Appendix A. Analysis and Synthetic Data Generation for the “Yeast” Data Set
The “yeast” data set is an additional data set used to test the method described in this paper. The data set consists of 8 attributes, 1484 instances, and 10 classes the instances can belong to. There are no missing values in the data set. All the attributes are numerical in value. The number of instances per class is highly imbalanced, as can be seen in
Table A1. As with the “texture” data set, the “yeast” data set is a real-life data set.
Table A1.
Number of instances per class in the “yeast” data set.
Table A1.
Number of instances per class in the “yeast” data set.
Class | CYT | ERL | EXC | ME1 | ME2 | ME3 | MIT | NUC | POX | VAC |
No. of instances | 463 | 5 | 35 | 44 | 51 | 163 | 244 | 429 | 20 | 30 |
The spatial distribution of the data set can be seen in
Figure A1. Since the graph clearly indicates clustering would not be an appropriate downstream task for this data set, classification was chosen instead.
Figure A1.
Three-dimensional view of the “yeast” data set.
Figure A1.
Three-dimensional view of the “yeast” data set.
This data set posed two challenges when generating synthetic data. The first challenge was that the values of the attributes ‘erl’ and ‘pox’ have very little variation. When splitting the data into classes before data generation, some of the subsets had only one value of these attributes, which led to the occurrence of undefined values (denoted by the logical constant NA in the R programming language) when calculating the class correlation matrices. There is a simple solution that can be built into the synthetic data generation methods (either the benchmark method or the cluster preserving one) without losing any previous functionality or generality—the attributes with no variance are excluded from the data interpolation and data generation step. Once data generation has been carried out, the attributes are added back into the synthetic data set. The second challenge stems from the smallest cluster having only five instances. Namely, Algorithm 3 uses parallel analysis to determine the number of underlying factors in a starting data set (if the value is not explicitly stated when calling the function in a program). This entails creating an (number of instances * number of attributes) sized matrix and populating it with attribute instances sampled with replacement from the starting data set. This matrix is used to calculate a correlation matrix whose eigenvalues are then computed. The small size of the ‘ERL’ class makes the probability of sampling the same value for all the instances of an attribute fairly likely. This leads to a higher likelihood of NA values occurring in the correlation matrix. The solution to this challenge can also be built into the approaches without changing their prior behavior and generality—the matrix populated with randomly sampled values should be checked for value uniqueness. If the values of the instances of an attribute are all the same, the value sampling should be redone. The sampling should be repeated until there are no columns (attributes) with just one value. Once the two challenges have been solved, a synthetic “yeast” data set can be generated.

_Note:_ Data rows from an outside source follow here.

(* If $q$ is a prime power, $n\in\mathbb Z^+$ and $M\cong\mathrm{PG}(n-1,q)$, then $\mathcal T_n(M)$ is a tangle of order $n$ in $M$.
   Context: For a matroid $M$ and $X\subseteq E(M)$, $\lambda_M(X)=r_M(X)+r_M(E(M)-X)-r(M)$; $X$ is $k$-separating if $\lambda_M(X)<k$. For an integer $k$, $\mathcal T_k(M)$ is the collection of $(k-1)$-separating subsets of $E(M)$ that are neither spanning nor cospanning. For $\theta\in\mathbb Z^+$, a collection $\mathcal T$ of subsets of $E(M)$ is a tangle of order $\theta$ if: (i) every set in $\mathcal T$ is $(\theta-1)$-separating, and for each $(\theta-1)$-separating set $X$, either $X\in\mathcal T$ or $E(M)-X\in\mathcal T$; (ii) no three sets in $\mathcal T$ have union $E(M)$; (iii) $E(M)-\{e\}\notin\mathcal T$ for each $e\in E(M)$. *)

From mathcomp Require Import all_boot all_algebra.
Set Implicit Arguments. Unset Strict Implicit. Unset Printing Implicit Defensive.
Import GRing.Theory.

Record matroid (E : finType) := Matroid {
  rk : {set E} -> nat;
  rk_card : forall X, rk X <= #|X|;
  rk_mono : forall X Y : {set E}, X \subset Y -> rk X <= rk Y;
  rk_submod : forall X Y : {set E}, rk (X :|: Y) + rk (X :&: Y) <= rk X + rk Y
}.

Section MatroidDefs.
Variables (E : finType) (M : matroid E).

Definition mrank : nat := rk M setT.

(* lambda_M(X) = r(X) + r(E - X) - r(M)  (always >= 0 by submodularity) *)
Definition conn (X : {set E}) : nat := rk M X + rk M (~: X) - mrank.

Definition separating (k : nat) (X : {set E}) : bool := conn X < k.

Definition spanning (X : {set E}) : bool := rk M X == mrank.

Definition dual_rk (X : {set E}) : nat := #|X| + rk M (~: X) - mrank.

Definition cospanning (X : {set E}) : bool := dual_rk X == dual_rk setT.

Definition Tcal (k : nat) : {set {set E}} :=
  [set X | separating k.-1 X && ~~ spanning X && ~~ cospanning X].

Definition is_tangle (theta : nat) (T : {set {set E}}) : Prop :=
  [/\ 0 < theta,
      (forall X : {set E}, X \in T -> separating theta.-1 X),
      (forall X : {set E}, separating theta.-1 X -> X \in T \/ ~: X \in T),
      (forall X Y Z : {set E}, X \in T -> Y \in T -> Z \in T -> X :|: Y :|: Z != setT)
    & (forall e : E, ~: [set e] \notin T)].

(* M is isomorphic to PG(n-1, F): there is a bijection e |-> <f e> from E
   onto the set of 1-dimensional subspaces of F^n (points of PG(n-1,F))
   such that r_M(X) is the dimension of the span of the points of X. *)
Definition iso_PG (F : finFieldType) (n : nat) : Prop :=
  exists f : E -> 'rV[F]_n,
    [/\ (forall e, f e != 0)%R,
        (forall e e', (f e == f e')%MS -> e = e'),
        (forall v : 'rV[F]_n, (v != 0)%R -> exists e, (v == f e)%MS)
      & (forall X : {set E}, rk M X = \rank (\sum_(e in X) <<f e>>)%MS)].

End MatroidDefs.

From mathcomp Require Import all_boot all_algebra.
From mathcomp Require Import zify.
Set Implicit Arguments. Unset Strict Implicit. Unset Printing Implicit Defensive.
Import GRing.Theory.

(* In PG(n-1, q) every non-spanning set X lies in a hyperplane, and the points
   off that hyperplane already span, so E - X is spanning.  Hence
   lambda(X) = min(r(X), r(E - X)), T_n(M) is exactly the family of sets of
   rank at most n - 2, and axiom (i) follows.  Axioms (ii) and (iii) reduce to
   the fact that F^n is not the union of a subspace of codimension at least two
   and two hyperplanes. *)

Section ProperSubspaces.
Variables (F : fieldType) (n : nat).
Implicit Types (u v : 'rV[F]_n) (U : 'M[F]_n).

Lemma submxDl u v U : (u <= U)%MS -> ((u + v)%R <= U)%MS = (v <= U)%MS.
Proof.
move=> uU; apply/idP/idP => [uvU|]; last exact: addmx_sub uU.
by rewrite -[v](addKr u); apply: addmx_sub; rewrite ?eqmx_opp.
Qed.

Lemma submxDr u v U : (v <= U)%MS -> ((u + v)%R <= U)%MS = (u <= U)%MS.
Proof. by rewrite addrC; apply: submxDl. Qed.

Lemma mxrank_sub_all U : (forall v, (v <= U)%MS) -> \rank U = n.
Proof. by move=> allU; apply/eqP; rewrite -[_ == _]sub1mx; apply/row_subP. Qed.

Lemma exists_nsubmx U : \rank U < n -> exists v, ~~ (v <= U)%MS.
Proof.
move=> rkU; have /row_subPn[i]: ~~ ((1%:M)%R <= U)%MS.
  by rewrite sub1mx; apply: contraL rkU => /eqP ->; rewrite ltnn.
by exists (row i 1%:M)%R.
Qed.

Lemma exists_nsubmx2 U1 U2 : \rank U1 < n -> \rank U2 < n ->
  exists v, ~~ (v <= U1)%MS && ~~ (v <= U2)%MS.
Proof.
move=> /exists_nsubmx[u u1] /exists_nsubmx[v v2].
have [u2|u2] := boolP (u <= U2)%MS; last by exists u; rewrite u1.
have [v1|v1] := boolP (v <= U1)%MS; last by exists v; rewrite v1 v2.
by exists (u + v)%R; rewrite (submxDr u v1) (submxDl v u2) u1.
Qed.

(* Over GF(2) the bound on U1 cannot be relaxed to \rank U1 < n: the plane
   GF(2)^2 is the union of its three lines. *)
Lemma exists_nsubmx3 U1 U2 U3 :
  \rank U1 < n.-1 -> \rank U2 < n -> \rank U3 < n ->
  exists v, [&& ~~ (v <= U1)%MS, ~~ (v <= U2)%MS & ~~ (v <= U3)%MS].
Proof.
move=> rkU1 rkU2 rkU3.
have [u /andP[u1 u2]] : exists u, ~~ (u <= U1)%MS && ~~ (u <= U2)%MS.
  by apply: exists_nsubmx2 => //; lia.
have [u3|u3] := boolP (u <= U3)%MS; last by exists u; rewrite u1 u2 u3.
have uU1u : (u <= U1 + <<u>>)%MS.
  by apply: submx_trans (addsmxSr _ _); rewrite genmxE.
have rkU1u : \rank (U1 + <<u>>)%MS < n.
  have [+ _] := mxrank_adds_leqif U1 <<u>>%MS.
  rewrite genmxE; have := rank_leq_row u; lia.
have [v /andP[vU1u v3]] := exists_nsubmx2 rkU1u rkU3.
have v1 : ~~ (v <= U1)%MS.
  by apply: contra vU1u => /submx_trans; apply; exact: addsmxSl.
have [v2|v2] := boolP (v <= U2)%MS; last by exists v; rewrite v1 v2 v3.
exists (u + v)%R; rewrite (submxDr u v2) (submxDl v u3) u2 v3 !andbT.
apply: contra vU1u => uvU1; rewrite -(submxDl v uU1u).
exact: submx_trans uvU1 (addsmxSl _ _).
Qed.

End ProperSubspaces.

Section MatroidRank.
Variables (E : finType) (M : matroid E).

Lemma rk_set0 : rk M set0 = 0.
Proof. by apply/eqP; rewrite -leqn0 -(cards0 E) rk_card. Qed.

Lemma rk_set1 x : rk M [set x] <= 1.
Proof. by rewrite -(cards1 x) rk_card. Qed.

Lemma rk_setU1 x X : rk M (x |: X) <= (rk M X).+1.
Proof. have := rk_submod M [set x] X; have := rk_set1 x; lia. Qed.

End MatroidRank.

Section ProjectiveGeometry.
Variables (F : fieldType) (n : nat) (E : finType) (M : matroid E).
Variable f : E -> 'rV[F]_n.
Hypothesis f_onto : forall v : 'rV[F]_n, (v != 0)%R -> exists e, (v == f e)%MS.
Hypothesis rk_span : forall X, rk M X = \rank (\sum_(e in X) <<f e>>)%MS.

Local Notation span X := (\sum_(e in X) <<f e>>)%MS.

Lemma point_of_vector (v : 'rV[F]_n) : (v != 0)%R ->
  exists e, forall X : {set E}, e \in X -> (v <= span X)%MS.
Proof.
move=> /f_onto[e /eqmxP ve]; exists e => X eX.
by rewrite ve; apply: (sumsmx_sup e) => //; rewrite genmxE.
Qed.

Lemma mrank_PG : mrank M = n.
Proof.
rewrite /mrank rk_span; apply: mxrank_sub_all => v.
have [->|/point_of_vector[e sub_v]] := eqVneq v 0%R; first exact: sub0mx.
exact/sub_v/in_setT.
Qed.

Lemma rk_leq_PG X : rk M X <= n.
Proof. by rewrite -mrank_PG rk_mono ?subsetT. Qed.

Lemma rk_setC_PG X : rk M X < n -> rk M (~: X) = n.
Proof.
rewrite !rk_span => /exists_nsubmx[w wX].
have subC (v : 'rV[F]_n) : ~~ (v <= span X)%MS -> (v <= span (~: X))%MS.
  move=> vX; have /point_of_vector[e sub_v] : (v != 0)%R.
    by apply: contraNneq vX => ->; apply: sub0mx.
  by apply: (sub_v); rewrite inE; apply: contra vX; apply: sub_v.
apply: mxrank_sub_all => v.
have [vX|] := boolP (v <= span X)%MS; last exact: subC.
by rewrite -(submxDr v (subC w wX)) subC // submxDl.
Qed.

Lemma conn_PG X : conn M X = minn (rk M X) (rk M (~: X)).
Proof.
rewrite /conn mrank_PG; have [rkX|] := ltnP (rk M X) n.
  by rewrite rk_setC_PG // addnK; apply/esym/minn_idPl/ltnW.
move=> le_n_rkX; have -> : rk M X = n by apply/eqP; rewrite eqn_leq rk_leq_PG.
by rewrite addKn; apply/esym/minn_idPr/rk_leq_PG.
Qed.

Lemma card_setC_PG X : rk M X < n.-1 -> n < #|~: X|.
Proof.
move=> rkX; have [c cX] : exists c, c \notin X.
  apply/existsP; apply: contraLR rkX => /existsPn allX.
  have -> : X = setT by apply/setP => c; have := allX c; rewrite negbK inE.
  by rewrite -/(mrank M) mrank_PG -leqNgt leq_pred.
have rkcX : rk M (c |: X) < n by have := rk_setU1 M c X; lia.
have := rk_card M (~: (c |: X)); rewrite rk_setC_PG //.
have := cardsC (c |: X); rewrite cardsU1 cX; have := cardsC X; lia.
Qed.

Lemma Tcal_PG X : (X \in Tcal M n) = (rk M X < n.-1).
Proof.
rewrite inE /separating /spanning /cospanning /dual_rk conn_PG mrank_PG.
rewrite setCT rk_set0 cardsT; apply/idP/idP => [/andP[/andP[sepX rkX] _]|rkX].
  have {}rkX : rk M X < n by rewrite ltn_neqAle rkX rk_leq_PG.
  by move: sepX; rewrite rk_setC_PG //; have := rk_leq_PG X; lia.
have rkXn : rk M X < n by lia.
rewrite rk_setC_PG // (minn_idPl (ltnW rkXn)) rkX neq_ltn rkXn /=.
apply/eqP; rewrite -(cardsC X); have := card_setC_PG rkX; lia.
Qed.

Lemma setU3_neqT_PG X Y Z :
  rk M X < n.-1 -> rk M Y < n -> rk M Z < n -> X :|: Y :|: Z != setT.
Proof.
rewrite !rk_span => /exists_nsubmx3 /[apply] /[apply] -[v /and3P[vX vY vZ]].
have /point_of_vector[e sub_v] : (v != 0)%R.
  by apply: contraNneq vX => ->; apply: sub0mx.
apply/eqP => XYZ; have : e \in X :|: Y :|: Z by rewrite XYZ inE.
by rewrite !inE => /orP[/orP[]|] /sub_v; apply/negP.
Qed.

Lemma Tcal_tangle_PG : 0 < n -> is_tangle M n (Tcal M n).
Proof.
move=> n_gt0; split => // [X | X | X Y Z | e].
- by rewrite inE => /andP[/andP[]].
- rewrite /separating conn_PG gtn_min !Tcal_PG => /orP[]; by [left | right].
- rewrite !Tcal_PG => rkX rkY rkZ; apply: setU3_neqT_PG => //; lia.
- rewrite Tcal_PG; apply/negP => rkC.
  have rke : rk M [set e] < n by have := rk_set1 M e; lia.
  have := setU3_neqT_PG rkC rke rke.
  by rewrite -setUA setUid setUC setUCr eqxx.
Qed.

End ProjectiveGeometry.

Theorem lemma6p3 (F : finFieldType) (n : nat) (E : finType) (M : matroid E) :
  0 < n -> iso_PG M F n -> is_tangle M n (Tcal M n).
Proof.
move=> n_gt0 [f [_ _ f_onto rk_span]].
exact: Tcal_tangle_PG f_onto rk_span n_gt0.
Qed.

Synthetic data set generation closely followed the approach described in
Section 3. The real-life data set was split by class. Quantiles, class proportions, and correlation matrices were calculated for each of the classes (the correlation matrix of the whole real-life data set was calculated for the benchmark method). The quantiles and the class proportions were used to create an interpolated data set for each of the classes. Those data and the corresponding correlation matrices were used to generate synthetic classes that were combined into a single data set (the interpolated data were also combined into one starting data set and used alongside the whole data set correlation matrix to generate a synthetic data set using the benchmark method).
The synthetic data set generated by the benchmark method can be seen in
Figure A2. It has 1483 data points. Even though the data points are not of different colors, it is visible that the data do not follow the distribution of the real-life data set. The quantiles are almost perfectly replicated, as can be seen in
Figure A3, as with the “texture” data set. The very low variance of the ‘erl’ and ‘pox’ attributes can clearly be seen in the quantiles. The residual correlation matrix can be seen in
Figure A4. The sum of the residuals in the matrix above the main diagonal is
and the average residual value is
. The results of the statistical tests can be seen in
Table A2. Due to the low variance of some of the attributes the statistical tests reject (Anderson–Darling) or almost reject (DTS) the hypothesis the synthetic data are from the same distribution as the real-life data set.
Figure A2.
Three-dimensional view of the synthetic “yeast” data set generated by the benchmark method.
Figure A2.
Three-dimensional view of the synthetic “yeast” data set generated by the benchmark method.
Figure A3.
Plot of quantiles calculated for the real-life “yeast” data set and the synthetic data set generated by the benchmark method.
Figure A3.
Plot of quantiles calculated for the real-life “yeast” data set and the synthetic data set generated by the benchmark method.
Figure A4.
Residual correlation matrix of the synthetic “yeast” data set generated by the benchmark method.
Figure A4.
Residual correlation matrix of the synthetic “yeast” data set generated by the benchmark method.
Table A2.
Table of p-values calculated by the Anderson–Darling and DTS statistical tests comparing the distributions of the attributes of the real-life “yeast” data set and the attributes of the synthetic data set generated by the benchmark method.
Table A2.
Table of p-values calculated by the Anderson–Darling and DTS statistical tests comparing the distributions of the attributes of the real-life “yeast” data set and the attributes of the synthetic data set generated by the benchmark method.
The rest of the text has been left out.